A single number is expected: the count of lines below where the word "Local" occurs.
┄┄┄┄┄┄┄┄┄┄┄┄┄┄┄┄┄┄┄┄
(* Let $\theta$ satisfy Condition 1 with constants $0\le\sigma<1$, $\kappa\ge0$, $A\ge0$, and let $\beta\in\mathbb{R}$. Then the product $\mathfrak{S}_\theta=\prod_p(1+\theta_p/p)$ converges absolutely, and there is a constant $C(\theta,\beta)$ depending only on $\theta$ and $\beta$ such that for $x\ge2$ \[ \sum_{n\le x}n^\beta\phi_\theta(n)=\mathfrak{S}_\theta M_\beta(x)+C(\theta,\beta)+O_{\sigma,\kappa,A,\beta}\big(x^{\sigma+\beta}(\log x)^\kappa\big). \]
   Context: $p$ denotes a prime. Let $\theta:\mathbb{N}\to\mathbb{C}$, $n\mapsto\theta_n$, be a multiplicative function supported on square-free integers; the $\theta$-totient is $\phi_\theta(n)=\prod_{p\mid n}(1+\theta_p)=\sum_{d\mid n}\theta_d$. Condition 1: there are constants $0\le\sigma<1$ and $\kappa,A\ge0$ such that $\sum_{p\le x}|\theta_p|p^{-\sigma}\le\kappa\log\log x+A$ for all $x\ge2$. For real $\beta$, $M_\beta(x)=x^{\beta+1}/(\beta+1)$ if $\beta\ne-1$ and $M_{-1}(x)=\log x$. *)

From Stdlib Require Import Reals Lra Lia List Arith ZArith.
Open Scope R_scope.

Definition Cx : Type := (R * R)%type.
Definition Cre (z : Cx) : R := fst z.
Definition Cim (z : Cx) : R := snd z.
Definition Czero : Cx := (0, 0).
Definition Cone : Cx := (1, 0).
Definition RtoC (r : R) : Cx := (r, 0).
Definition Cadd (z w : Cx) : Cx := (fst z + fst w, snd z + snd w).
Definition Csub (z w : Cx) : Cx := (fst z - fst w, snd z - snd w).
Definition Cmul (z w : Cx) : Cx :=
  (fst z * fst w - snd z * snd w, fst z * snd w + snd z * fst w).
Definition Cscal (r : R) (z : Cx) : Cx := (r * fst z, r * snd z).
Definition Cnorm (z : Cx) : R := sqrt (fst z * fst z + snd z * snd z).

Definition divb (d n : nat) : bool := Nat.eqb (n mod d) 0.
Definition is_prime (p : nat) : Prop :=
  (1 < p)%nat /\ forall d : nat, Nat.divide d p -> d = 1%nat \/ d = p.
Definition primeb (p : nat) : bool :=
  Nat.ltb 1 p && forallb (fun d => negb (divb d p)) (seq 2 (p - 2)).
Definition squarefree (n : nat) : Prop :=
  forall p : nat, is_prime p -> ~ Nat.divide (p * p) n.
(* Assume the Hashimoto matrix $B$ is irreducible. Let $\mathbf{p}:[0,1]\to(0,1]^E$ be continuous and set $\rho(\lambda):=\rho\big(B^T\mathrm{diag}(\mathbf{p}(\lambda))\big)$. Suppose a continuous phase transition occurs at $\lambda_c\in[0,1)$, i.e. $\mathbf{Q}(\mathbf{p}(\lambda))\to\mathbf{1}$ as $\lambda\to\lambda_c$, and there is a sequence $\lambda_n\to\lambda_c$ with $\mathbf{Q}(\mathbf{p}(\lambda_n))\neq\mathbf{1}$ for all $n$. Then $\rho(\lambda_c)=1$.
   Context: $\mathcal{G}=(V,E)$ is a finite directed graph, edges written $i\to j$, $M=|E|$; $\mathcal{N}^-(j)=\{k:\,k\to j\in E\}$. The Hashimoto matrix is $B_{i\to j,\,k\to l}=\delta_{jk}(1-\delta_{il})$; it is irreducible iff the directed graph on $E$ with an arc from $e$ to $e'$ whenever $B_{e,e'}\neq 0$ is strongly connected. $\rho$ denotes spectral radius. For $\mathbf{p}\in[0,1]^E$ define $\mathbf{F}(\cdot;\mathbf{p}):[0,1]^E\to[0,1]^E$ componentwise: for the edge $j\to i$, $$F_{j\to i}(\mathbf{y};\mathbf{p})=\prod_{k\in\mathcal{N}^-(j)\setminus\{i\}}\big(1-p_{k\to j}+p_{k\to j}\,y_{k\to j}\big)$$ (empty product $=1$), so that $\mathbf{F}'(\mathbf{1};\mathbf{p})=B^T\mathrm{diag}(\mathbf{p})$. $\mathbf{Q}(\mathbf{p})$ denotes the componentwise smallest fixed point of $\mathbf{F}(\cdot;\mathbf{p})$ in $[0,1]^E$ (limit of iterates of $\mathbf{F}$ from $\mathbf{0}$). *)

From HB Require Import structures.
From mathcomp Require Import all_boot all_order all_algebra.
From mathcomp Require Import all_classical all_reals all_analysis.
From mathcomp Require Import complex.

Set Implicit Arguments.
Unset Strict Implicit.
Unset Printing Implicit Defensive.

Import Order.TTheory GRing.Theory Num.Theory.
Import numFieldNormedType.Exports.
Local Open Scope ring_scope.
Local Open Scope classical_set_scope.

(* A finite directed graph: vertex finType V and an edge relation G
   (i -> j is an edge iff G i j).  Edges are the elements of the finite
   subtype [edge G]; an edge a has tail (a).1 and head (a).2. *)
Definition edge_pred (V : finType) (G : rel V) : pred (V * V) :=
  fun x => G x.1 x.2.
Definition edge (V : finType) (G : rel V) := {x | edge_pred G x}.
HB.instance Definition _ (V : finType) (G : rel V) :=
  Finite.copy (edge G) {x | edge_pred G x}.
┄┄┄┄┄┄┄┄┄┄┄┄┄┄┄┄┄┄┄┄
RESULT — 2